The organisation is also predominantly flat in hierarchy and structure, which gives it greater flexibility in terms of mobility for its employees. Wen does not manage a team of direct reports, as such—although her leadership skills are a key requisite in her current role.
“Leading is still a key concept in the work that I do, because my day to day involves coordinating lots of different business partners in different locations. A lot of my work means managing teams remotely, although recently I’ve been engaged in quite a lot of international travel.”
Time to be brave
Skoda recently opened a new showroom in Brunei and with plans well underway to commission new manufacturing sites and plants in Vietnam, Wen has been called upon to make trips to “exotic new locations,” she says, meeting teams and coordinating events with key stakeholders.
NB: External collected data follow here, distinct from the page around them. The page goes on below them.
(* In the setting below, assume that $g(x)$ and $l(x)$ are both self-reciprocal. If $\gcd\big(r_{22}(x),\ g_{11}(x)\bar g_{11}(x)+g_{12}(x)\bar g_{12}(x)\big)\neq 1$, then $C$ is not Euclidean LCD.
   Context: Let $q$ be a prime power, $F=\mathbb{F}_q$, $m\ge1$ with $\gcd(q,m)=1$, and $R=F[x]/\langle x^m-1\rangle$; elements of $R$ are represented by polynomials of degree $<m$ and identified with their coefficient vectors in $F^m$. A quasi-cyclic code of length $2m$ and index $2$ is an $R$-submodule $C\subseteq R^2$. The Euclidean inner product of $(a_1,a_2),(b_1,b_2)\in R^2$ is the sum of the standard dot products of the coefficient vectors of $a_1,b_1$ and of $a_2,b_2$; $C$ is Euclidean LCD if $C\cap C^{\perp_e}=\{0\}$. For a nonzero polynomial $f$ of degree $k$, $f^*(x)=x^kf(x^{-1})$; $f$ is self-reciprocal if $f^*=\alpha f$ for some $\alpha\in F$. For a polynomial $f$ of degree at most $m$, $\bar f(x)=x^m f(x^{-1})$. Suppose $C$ is generated as an $R$-module by $(g_{11}(x),g_{12}(x))$ and $(0,g_{22}(x))$, where $g_{11},g_{12},g_{22}\in F[x]$ satisfy: $g_{11}\mid x^m-1$, $g_{22}\mid x^m-1$, $\deg g_{12}<\deg g_{22}$, and $g_{11}g_{22}\mid (x^m-1)g_{12}$. Define $g=\gcd(g_{11},g_{22})$, $l=(x^m-1)/\mathrm{lcm}(g_{11},g_{22})$, $g_{22}=g\,g_{22}'$, $r_{22}=\gcd(g_{22}',g_{22}'^* )$. *)

From mathcomp Require Import all_boot all_algebra.
Set Implicit Arguments. Unset Strict Implicit. Unset Printing Implicit Defensive.
Import GRing.Theory.
Local Open Scope ring_scope.

Section QC.
Variable F : fieldType.

Definition xm1 (m : nat) : {poly F} := 'X^m - 1.

(* reciprocal f^*(x) = x^(deg f) f(1/x) *)
Definition recip (f : {poly F}) : {poly F} :=
  \poly_(i < size f) f`_((size f).-1 - i).

Definition self_reciprocal (f : {poly F}) : Prop :=
  f != 0 /\ exists alpha : F, recip f = alpha *: f.

(* bar f (x) = x^m f(1/x), for deg f <= m *)
Definition polybar (m : nat) (f : {poly F}) : {poly F} :=
  \poly_(i < m.+1) f`_(m - i).

Definition lcmp (p q : {poly F}) : {poly F} := (p * q) %/ gcdp p q.

(* Elements of R = F[x]/<x^m-1> are represented by polynomials of size <= m;
   R^2 elements are pairs.  The R-submodule generated by (g11,g12), (0,g22): *)
Definition in_qc_code (m : nat) (g11 g12 g22 : {poly F})
  (c : {poly F} * {poly F}) : Prop :=
  exists a b : {poly F},
    c = ((a * g11) %% xm1 m, (a * g12 + b * g22) %% xm1 m).

Definition eucl_ip (m : nat) (u v : {poly F} * {poly F}) : F :=
  \sum_(i < m) (u.1`_i * v.1`_i + u.2`_i * v.2`_i).

Definition in_eucl_dual (m : nat) (g11 g12 g22 : {poly F})
  (v : {poly F} * {poly F}) : Prop :=
  [/\ (size v.1 <= m)%N, (size v.2 <= m)%N &
      forall c, in_qc_code m g11 g12 g22 c -> eucl_ip m c v = 0].

Definition eucl_LCD (m : nat) (g11 g12 g22 : {poly F}) : Prop :=
  forall v, in_qc_code m g11 g12 g22 v -> in_eucl_dual m g11 g12 g22 v ->
    v = (0, 0).

End QC.

(* Work in R = F[x]/(x^m - 1), where x^-1 = x^(m-1): there f(x^-1) is
   [polyXinv m f], which agrees modulo x^m - 1 with the paper's bar f, itself
   x^k f^* for some k, and the Euclidean inner product of u and w is the
   constant term of u * w(x^-1).  Let d = gcd(r22, g11 bar g11 + g12 bar g12),
   nonconstant by hypothesis, and P = (x^m - 1)/d.  The codeword
   P(x^-1) (g11, g12) of C is orthogonal to every a (g11, g12) + b (0, g22),
   as these products reduce to multiples of P (g11 bar g11 + g12 bar g12) and
   of P g22, both divisible by P d = x^m - 1.  If C were LCD this codeword
   would vanish, forcing d | g11(x^-1); as also d | g22'(x^-1), the gcd D of
   d(x^-1) and x^m - 1 divides both g and g22', so D^2 | g22 | x^m - 1.
   Since x^m - 1 is separable when gcd(q, m) = 1, D is constant, i.e. d(x^-1)
   is a unit modulo x^m - 1, which forces d to be constant. *)

From mathcomp Require Import all_boot all_algebra all_field.
From mathcomp Require Import fingroup cyclic ring zify.
Set Implicit Arguments. Unset Strict Implicit. Unset Printing Implicit Defensive.
Import GRing.Theory.
Local Open Scope ring_scope.

Lemma eq_modp_dvdp (F : fieldType) (d p q : {poly F}) :
  (p %% d = q %% d) <-> (d %| p - q).
Proof.
rewrite -{1}(subrK q p) modpD; split => [/(canRL (addrK _))|/modp_eq0P->].
  by rewrite subrr => /modp_eq0P.
by rewrite add0r.
Qed.

Lemma modp_sum (F : fieldType) (d : {poly F}) I (r : seq I) (f : I -> {poly F}) :
  (\sum_(i <- r) f i) %% d = \sum_(i <- r) f i %% d.
Proof. exact: (big_morph _ (fun p q => modpD d p q) (mod0p d)). Qed.

Lemma comp_polyE_widen (F : fieldType) n (f q : {poly F}) : (size f <= n)%N ->
  f \Po q = \sum_(i < n) f`_i *: q ^+ i.
Proof.
move=> sf; rewrite comp_polyE (big_ord_widen n (fun i => f`_i *: q ^+ i) sf).
rewrite big_mkcond /=; apply: eq_bigr => i _.
case: ifPn => // /negbTE; rewrite ltnNge => /negbFE/(nth_default 0)->.
by rewrite scale0r.
Qed.

Section PolyXinv.

Variables (F : fieldType) (m : nat).
Hypothesis m_gt0 : (0 < m)%N.
Local Notation X := (xm1 F m).

Definition polyXinv (f : {poly F}) : {poly F} := f \Po 'X^(m.-1).

Lemma size_xm1 : size X = m.+1.
Proof. by rewrite /xm1 -polyC1 size_XnsubC. Qed.

Lemma xm1_neq0 : X != 0.
Proof. by rewrite -size_poly_eq0 size_xm1. Qed.

Lemma size_dvdp_xm1 (f : {poly F}) : f %| X -> (size f <= m.+1)%N.
Proof. by move=> f_X; rewrite -size_xm1 dvdp_leq ?xm1_neq0. Qed.

Lemma size_modp_xm1 (f : {poly F}) : (size (f %% X)%R <= m)%N.
Proof. by rewrite -ltnS -size_xm1 ltn_modp xm1_neq0. Qed.

Lemma dvdp_xm1_XnM k : X %| 'X^(m * k) - 1.
Proof. by rewrite exprM subrX1 dvdp_mulIl. Qed.

Lemma modp_xm1_Xn n : 'X^n %% X = 'X^(n %% m).
Proof.
rewrite -[RHS](@modp_small _ _ X) ?size_xm1 ?size_polyXn ?ltnS ?ltn_pmod //.
apply/eq_modp_dvdp.
have -> : 'X^n - 'X^(n %% m) = ('X^(m * (n %/ m)) - 1) * 'X^(n %% m) :> {poly F}.
  by rewrite mulrBl mul1r -exprD mulnC -divn_eq.
exact: dvdp_mulr (dvdp_xm1_XnM _).
Qed.

Lemma modp_xm1_comp_Xn (f : {poly F}) k j : k = j %[mod m] ->
  (f \Po 'X^k) %% X = (f \Po 'X^j) %% X.
Proof.
move=> ekj; rewrite !comp_polyE !modp_sum; apply: eq_bigr => i _.
by rewrite !modpZl -!exprM !modp_xm1_Xn -modnMml ekj modnMml.
Qed.

Lemma polyXinvM : {morph polyXinv : f g / f * g}.
Proof. by move=> f g; apply: comp_polyM. Qed.

Lemma polyXinv_modp (f : {poly F}) : polyXinv (f %% X) %% X = polyXinv f %% X.
Proof.
have X_polyXinvX : X %| polyXinv X.
  rewrite /polyXinv /xm1 comp_polyB comp_Xn_poly -polyC1 comp_polyC polyC1.
  by rewrite -exprM mulnC dvdp_xm1_XnM.
rewrite {2}(divp_eq f X) /polyXinv comp_polyD comp_polyM modpD.
by rewrite (modp_eq0 (dvdp_mull _ X_polyXinvX)) add0r.
Qed.

Lemma dvdp_xm1_polyXinv (f : {poly F}) : X %| f -> X %| polyXinv f.
Proof.
move=> /modp_eq0P f0; apply/modp_eq0P.
by rewrite -polyXinv_modp f0 /polyXinv comp_poly0 mod0p.
Qed.

Lemma polyXinvK (f : {poly F}) : polyXinv (polyXinv f) %% X = f %% X.
Proof.
rewrite /polyXinv -comp_polyA comp_Xn_poly -exprM.
rewrite -{2}[f]comp_polyXr -[X in f \Po X]expr1; apply: modp_xm1_comp_Xn.
case: m m_gt0 => [|[|n]] //= _.
have -> : (n.+1 * n.+1 = n * n.+2 + 1)%N by nia.
by rewrite modnMDl.
Qed.

Lemma polybar_recip (f : {poly F}) : (size f <= m.+1)%N ->
  polybar m f = 'X^(m.+1 - size f) * recip f.
Proof.
move=> sf; apply/polyP => j; rewrite coefXnM !coef_poly.
case: (ltnP j (m.+1 - size f)) => jk.
  have -> : (j < m.+1)%N by lia.
  by rewrite nth_default //; change (size f <= m - j)%N; lia.
case: (ltnP j m.+1) => jm.
  have -> : (j - (m.+1 - size f) < size f)%N by lia.
  by congr nth; lia.
by have -> : (j - (m.+1 - size f) < size f)%N = false by lia.
Qed.

Lemma polybar_modp (f : {poly F}) : (size f <= m.+1)%N ->
  polybar m f %% X = polyXinv f %% X.
Proof.
move=> sf; rewrite /polybar /polyXinv poly_def (comp_polyE_widen _ sf) !modp_sum.
rewrite (reindex_inj rev_ord_inj); apply: eq_bigr => i _ /=.
have im : (i <= m)%N by rewrite -ltnS.
rewrite subSS subKn // !modpZl -exprM !modp_xm1_Xn; congr (_ *: 'X^_).
apply/eqP; rewrite -(eqn_modDr i) subnK //.
by rewrite -mulSnr prednK // modnn modnMr.
Qed.

Lemma dvdp_polyXinv_recip (d f : {poly F}) :
  d %| X -> f %| X -> d %| recip f -> d %| polyXinv f.
Proof.
move=> dX fX d_recf; have sf := size_dvdp_xm1 fX.
rewrite (dvdp_mod _ dX) -(polybar_modp sf) -(dvdp_mod _ dX) polybar_recip //.
exact: dvdp_mull.
Qed.

Lemma coef0_modp_xm1_Xn_polyXinv i j : (i < m)%N -> (j < m)%N ->
  (('X^i * polyXinv 'X^j) %% X)`_0 = (i == j)%:R.
Proof.
move=> im jm; rewrite /polyXinv comp_Xn_poly -exprM -exprD modp_xm1_Xn coefXn.
rewrite eq_sym; congr ((nat_of_bool _)%:R); apply/eqP/eqP => [|->]; last first.
  by rewrite -mulSn prednK // modnMr.
move=> /(congr1 (fun k => (k + j) %% m)%N) /=.
by rewrite modnDml add0n -addnA -mulSnr prednK // addnC mulnC modnMDl !modn_small.
Qed.

Lemma sum_coefM_polyXinv (u w : {poly F}) : (size u <= m)%N -> (size w <= m)%N ->
  \sum_(i < m) u`_i * w`_i = ((u * polyXinv w) %% X)`_0.
Proof.
move=> su sw; rewrite -[u in RHS]comp_polyXr /polyXinv (comp_polyE_widen _ su).
rewrite (comp_polyE_widen _ sw) mulr_suml modp_sum coef_sum; apply: eq_bigr => i _.
have coef0_term (j : 'I_m) : ((u`_i *: 'X^i * (w`_j *: 'X^(m.-1) ^+ j)) %% X)`_0
    = u`_i * w`_j * (i == j :> nat)%:R.
  by rewrite -scalerAl -scalerAr !modpZl !coefZ -[_ ^+ j]comp_Xn_poly
    -/(polyXinv _) coef0_modp_xm1_Xn_polyXinv // mulrA.
rewrite mulr_sumr modp_sum coef_sum (bigD1 i) //= big1 => [|j ij].
  by rewrite coef0_term eqxx mulr1 addr0.
by rewrite coef0_term val_eqE eq_sym (negbTE ij) mulr0.
Qed.

Lemma polyXinv_modp_mul_polyXinv (p f : {poly F}) :
  polyXinv ((polyXinv p * f) %% X) %% X = (p * polyXinv f) %% X.
Proof.
rewrite polyXinv_modp polyXinvM mulrC -[LHS]modp_mul polyXinvK modp_mul.
by rewrite mulrC.
Qed.

Lemma dvdp_gcd_polyXinv (d f : {poly F}) :
  d %| polyXinv f -> gcdp (polyXinv d) X %| f.
Proof.
move=> /dvdpP[q qd_f]; rewrite (dvdp_mod _ (dvdp_gcdr _ _)) -polyXinvK.
rewrite -(dvdp_mod _ (dvdp_gcdr _ _)) qd_f polyXinvM.
exact: dvdp_mull (dvdp_gcdl _ _).
Qed.

Lemma dvdp_polyXinv_cofactor (d f : {poly F}) :
  d %| X -> X %| polyXinv (X %/ d) * f -> d %| polyXinv f.
Proof.
move=> dX /modp_eq0P Pf0; have P_neq0 := dvdpN0 (divp_dvd dX) xm1_neq0.
rewrite -(dvdp_mul2l _ _ P_neq0) divpK //; apply/modp_eq0P.
by rewrite -polyXinv_modp_mul_polyXinv Pf0 /polyXinv comp_poly0 mod0p.
Qed.

Lemma size_dvdp_xm1_coprimep_polyXinv (d : {poly F}) :
  d %| X -> coprimep (polyXinv d) X -> size d = 1%N.
Proof.
rewrite coprimep_sym => dX cop; have Pd_X : X %/ d * d = X := divpK dX.
have P_neq0 := dvdpN0 (divp_dvd dX) xm1_neq0; have d_neq0 := dvdpN0 dX xm1_neq0.
have X_polyXinvP : X %| polyXinv (X %/ d).
  by rewrite -(Gauss_dvdpl _ cop) -polyXinvM Pd_X dvdp_xm1_polyXinv.
have /(dvdp_leq P_neq0) : X %| X %/ d.
  rewrite (dvdp_mod _ (dvdpp X)) -polyXinvK -dvdp_mod //.
  exact: dvdp_xm1_polyXinv.
have := size_mul P_neq0 d_neq0; rewrite Pd_X => ->.
rewrite -subn1 leq_subLR addnC leq_add2r => d_le1.
by apply/eqP; rewrite eqn_leq d_le1 size_poly_gt0.
Qed.

Lemma coprimep_polyXinv_sqfree (d a b : {poly F}) : m%:R != 0 :> F -> b %| X ->
  d %| polyXinv a -> d %| polyXinv (b %/ gcdp a b) -> coprimep (polyXinv d) X.
Proof.
move=> m_neq0 bX /dvdp_gcd_polyXinv D_a /dvdp_gcd_polyXinv D_b'.
rewrite coprimep_def; set D := gcdp _ X in D_a D_b' *.
have D_gcd : D %| gcdp a b.
  by rewrite dvdp_gcd D_a (dvdp_trans D_b' (divp_dvd (dvdp_gcdr _ _))).
have D2_X : D ^+ 2 %| X.
  by rewrite (dvdp_trans _ bX) // -(divpK (dvdp_gcdr a b)) expr2 dvdp_mul.
apply: contraTT D2_X => D_nunit.
by rewrite (separable_nosquare (separable_Xn_sub_1 m_neq0)).
Qed.

End PolyXinv.

Section QuasiCyclicCode.

Variables (F : fieldType) (m : nat) (g11 g12 g22 : {poly F}).
Hypothesis m_gt0 : (0 < m)%N.
Local Notation X := (xm1 F m).
Local Notation polyXinv := (polyXinv m).

Lemma in_eucl_dual_of_dvdp (v : {poly F} * {poly F}) :
  (size v.1 <= m)%N -> (size v.2 <= m)%N ->
  X %| g11 * polyXinv v.1 + g12 * polyXinv v.2 -> X %| g22 * polyXinv v.2 ->
  in_eucl_dual m g11 g12 g22 v.
Proof.
case: v => v1 v2 /= s1 s2 X_v12 X_v2; split=> // _ [a [b ->]].
rewrite /eucl_ip big_split /= !sum_coefM_polyXinv ?size_modp_xm1 //.
rewrite -coefD -modpD modpD ![_ %% X * _]mulrC !modp_mul -modpD.
have -> : polyXinv v1 * (a * g11) + polyXinv v2 * (a * g12 + b * g22)
    = a * (g11 * polyXinv v1 + g12 * polyXinv v2) + b * (g22 * polyXinv v2).
  by ring.
by rewrite modp_eq0 ?coef0 // dvdp_add // dvdp_mull.
Qed.

Lemma in_eucl_dual_cofactor (d : {poly F}) :
  (size g11 <= m.+1)%N -> (size g12 <= m.+1)%N ->
  d %| X -> d %| g22 -> d %| g11 * polybar m g11 + g12 * polybar m g12 ->
  in_eucl_dual m g11 g12 g22
    ((polyXinv (X %/ d) * g11) %% X, (polyXinv (X %/ d) * g12) %% X).
Proof.
move=> s11 s12 dX d_g22 d_h; set P := X %/ d.
have X_P f : d %| f -> X %| P * f.
  by move=> d_f; rewrite -[Y in Y %| _](divpK dX) dvdp_mul.
have modX g f :
    (g * polyXinv ((polyXinv P * f) %% X)) %% X = (P * (g * polyXinv f)) %% X.
  by rewrite -modp_mul (polyXinv_modp_mul_polyXinv m_gt0) modp_mul mulrCA.
have modX_bar (g f : {poly F}) :
    (size f <= m.+1)%N -> (g * polybar m f) %% X = (g * polyXinv f) %% X.
  by move=> sf; rewrite -modp_mul (polybar_modp m_gt0 sf) modp_mul.
apply: in_eucl_dual_of_dvdp; rewrite ?size_modp_xm1 //=; apply/modp_eq0P.
  rewrite modpD !modX -modpD -mulrDr -modp_mul modpD -!modX_bar // -modpD modp_mul.
  exact/modp_eq0P/X_P.
by rewrite modX; apply/modp_eq0P/X_P/dvdp_mulr.
Qed.

Lemma eucl_LCD_dvdp_polyXinv (d : {poly F}) : eucl_LCD m g11 g12 g22 ->
  (size g11 <= m.+1)%N -> (size g12 <= m.+1)%N ->
  d %| X -> d %| g22 -> d %| g11 * polybar m g11 + g12 * polybar m g12 ->
  d %| polyXinv g11.
Proof.
move=> LCD s11 s12 dX d_g22 d_h.
have v_code : in_qc_code m g11 g12 g22
    ((polyXinv (X %/ d) * g11) %% X, (polyXinv (X %/ d) * g12) %% X).
  by exists (polyXinv (X %/ d)), 0; rewrite mul0r addr0.
have [/modp_eq0P X_Pg11 _] := LCD _ v_code (in_eucl_dual_cofactor s11 s12 dX d_g22 d_h).
exact: dvdp_polyXinv_cofactor X_Pg11.
Qed.

End QuasiCyclicCode.

Lemma natf_neq0_coprime_card (F : finFieldType) m : coprime #|F| m -> m%:R != 0 :> F.
Proof.
move=> cop; have [p p_pr pchar_p] := finPcharP F.
have p_card : (p %| #|F|)%N.
  rewrite (dvdn_pcharf pchar_p) -[_%:R]/(1 *+ _) -FinRing.zmodXgE -cardsT.
  by rewrite (@expg_cardG _ [set: F]%G) ?inE.
by rewrite -(dvdn_pcharf pchar_p) -prime_coprime //; apply: coprime_dvdl cop.
Qed.

Theorem lemma3p5 (F : finFieldType) (m : nat) (g11 g12 g22 : {poly F}) :
  (0 < m)%N -> coprime #|F| m ->
  g11 %| xm1 F m -> g22 %| xm1 F m ->
  (size g12 < size g22)%N ->
  (g11 * g22) %| (xm1 F m * g12) ->
  let g := gcdp g11 g22 in
  let l := xm1 F m %/ lcmp g11 g22 in
  let g22' := g22 %/ g in
  let r22 := gcdp g22' (recip g22') in
  self_reciprocal g -> self_reciprocal l ->
  ~~ coprimep r22 (g11 * polybar m g11 + g12 * polybar m g12) ->
  ~ eucl_LCD m g11 g12 g22.
Proof.
move=> m_gt0 cop X_g11 X_g22 s12 _ g l g22' r22 _ _ + LCD.
rewrite coprimep_def; set X := xm1 F m; set d := gcdp r22 _.
have g22'_g22 : g22' %| g22 := divp_dvd (dvdp_gcdr _ _).
have d_g22' : d %| g22' := dvdp_trans (dvdp_gcdl _ _) (dvdp_gcdl _ _).
have d_X : d %| X := dvdp_trans d_g22' (dvdp_trans g22'_g22 X_g22).
have s12' := leq_trans (ltnW s12) (size_dvdp_xm1 m_gt0 X_g22).
have d_g11 := eucl_LCD_dvdp_polyXinv m_gt0 LCD (size_dvdp_xm1 m_gt0 X_g11) s12' d_X
  (dvdp_trans d_g22' g22'_g22) (dvdp_gcdr _ _).
have d_g22'X := dvdp_polyXinv_recip m_gt0 d_X (dvdp_trans g22'_g22 X_g22)
  (dvdp_trans (dvdp_gcdl _ _) (dvdp_gcdr _ _)).
have cop_d := coprimep_polyXinv_sqfree m_gt0 (natf_neq0_coprime_card cop) X_g22
  d_g11 d_g22'X.
by rewrite (size_dvdp_xm1_coprimep_polyXinv m_gt0 d_X cop_d).
Qed.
“In the last year, quite exceptionally, I’ve travelled to diverse destinations, from Brunei to India and Vietnam. So, there’s a real expectation that you can bring both the productivity and the flexibility to work in different cultures and contexts while holding the brand and product standards steady.”
Wen puts her productivity in part down to her 5am habit. Her cultural flexibility is both a function of her lived experience and her time as a CEMS student.
“CEMS really augmented my real-life experience from day one. There is just so much peer-to-peer learning with such top tier students from all over the world that enriches the academic experience exponentially. You master the techniques and the fundamentals of teamwork with diverse classmates as you present to CEMS partners, and you build a network that spans the globe. My CEMS friends all made it to my wedding in China, so these are ties that endure and that are meaningful.”
To make the most of an experience like CEMS and a rewarding career in a global organisation, Wen is very clear about the advice she would share with others.
“I think you must be brave today. And that means being open to exploring different industries and opportunities.”
“I began by doing internships that give you great exposure and really helps you to figure out what you want from your career and your life, and that’s a great start especially when you are young and you’re not clear about what you want to do yet.”
Being open to experience is important. But so too is making time for yourself, she stresses.
“I am a female working in a male-dominated industry and living in what is essentially a foreign country. I developed my 5am system largely as a way of doing something that is essential, and that is prioritising my work-life balance. Whatever you end up doing with your career, don’t ever forget to make time and room for your personal life.”